I just read the idea of Euler's proof that $\zeta(2) = \frac{\pi^2}{6}$. He studied the Taylor series of the function $\frac{\sin \pi x}{x}$.
Does someone know if he by chance was studying this function and found the connection with the Riemann Zeta Function? Or did he have some intuition that this was the right function to work with?
Obligatory "not a full answer, but too long for comments". That being said, this will get you 90% of the way there.
As mentioned in my comment, the idea of the proof is essentially covered in Mathologer's video on "Euler's crazy pi formula generator". The difference is we start by looking at Euler's product formula for $\sin x$, which can be manipulated or derived to/from many other series', such as a Taylor series for $\sin(\frac{\pi x}{x})$.
$$\sin x = x\left(1-\frac{x}{\pi}\right)\left(1+\frac{x}{\pi}\right)\left(1-\frac{x}{2\pi}\right)\left(1+\frac{x}{2\pi}\right)\left(1-\frac{x}{3\pi}\right)(\dots)$$
This is the foundation for exploring it's relationship to the zeta function. We begin by looking at pairs of terms, and notice they can be simplified as they bare the of the form of the difference of two squares:
$$\sin x = x\left(1-\frac{x^2}{\pi^2}\right)\left(1-\frac{x^2}{(2\pi)^2}\right)\left(1-\frac{x^2}{(3\pi)^2}\right)(\dots)$$
The next step is a bit tricky, and I must admit I don't entirely grasp it (again, better described by Mathologer). The gist of it is that we now essentially get clever with our choices in expanding and grouping specific terms, which yields:
$$\sin x = x+\left(-\frac{1}{\pi^2}-\frac{1}{(2\pi)^2}-\frac{1}{(3\pi)^2}-\dots\right)x^3+(\dots)x^5+(\dots)$$
Now, after differentiating thrice, we're left with a series preceded by a very useful $\color{red}{\text{constant}}$.

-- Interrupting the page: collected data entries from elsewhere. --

(* Let $(V,\omega)$ be a nondegenerate simple CFT type vertex operator algebra generated by $V_1$ and satisfying condition (T). If $\tilde\omega\in\operatorname{Sc}(V,\omega)$ with $\tilde\omega\ne0$ and $\tilde\omega\ne\omega$, then $\dim C_V(C_V(\langle\tilde\omega\rangle))_1>0$ and $\dim C_V(\langle\tilde\omega\rangle)_1>0$.
   Context: Nondegenerate simple CFT type: $V$ simple, $V=\bigoplus_{n\ge0}V_n$, $V_0=\mathbb C\mathbf 1$, and the form $u_1v=\langle u,v\rangle\mathbf 1$ on $V_1$ is nondegenerate. Semi-conformal vector of $(V,\omega)$: conformal vector $\tilde\omega$ of a vertex operator subalgebra $(U,\tilde\omega)$ with $\omega_n|_U=\tilde\omega_n|_U$ for $n\ge0$; $\operatorname{Sc}(V,\omega)$ is the set of these. $C_V(U)=\{v:u_nv=0\ \forall u\in U,n\ge0\}$ (graded, with weight-one part $C_V(U)_1$); $\langle\tilde\omega\rangle$ is the vertex subalgebra generated by $\tilde\omega$. Condition (T): for every $\tilde\omega\in\operatorname{Sc}(V,\omega)$, the natural map $C_V(C_V(\langle\tilde\omega\rangle))\otimes C_V(\langle\tilde\omega\rangle)\to V$, $u\otimes v\mapsto u_{-1}v$, is an isomorphism of vertex operator algebras. *)

From HB Require Import structures.
From mathcomp Require Import all_boot all_order all_algebra.
Set Implicit Arguments. Unset Strict Implicit. Unset Printing Implicit Defensive.
Import Order.TTheory GRing.Theory Num.Theory.
Local Open Scope ring_scope.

$$-\cos x = \color{red}{\left(-\frac{1}{\pi^2}-\frac{1}{(2\pi)^2}-\frac{1}{(3\pi)^2}-\dots\right)6}+(\dots)60x^2+(\dots)$$
Evaluating this at $x=0$ gets rid of all the terms proceeding the constant.
$$\cos 0 =1= \left(\frac{1}{\pi^2}+\frac{1}{(2\pi)^2}+\frac{1}{(3\pi)^2}+\dots\right)6$$ Which can trivially be rearranged to find a formula for $\frac{\pi^2}{6}$, which just-so-happens to be of the same form as $\zeta(2)$. $$\frac{\pi^2}{6}=\frac{1}{1^2}+\frac{1}{2^2}+\frac{1}{3^2}+\dots=\zeta(2)$$
QED
As for if Euler knew beforehand that this process would result in a zeta-function-like form, is unclear. As with all long term mathematicians, both inexplicable intuition (as with the case of a lot of Euler's work) and stumbling-upon-by-chance is inevitable.
Note: I imagine it to be very difficult to algebraically manipulate these formulas for other values of the zeta function. Hence, I don't believe studying this series for sole the intention of it's general relationship to the zeta function was his intention. Clearly, it's very much related to $\zeta(2)$ and, as I imagine, also consequently related to $\zeta(2k)$ (as those are the values for which $\zeta$ yields multiples of powers of $\pi$).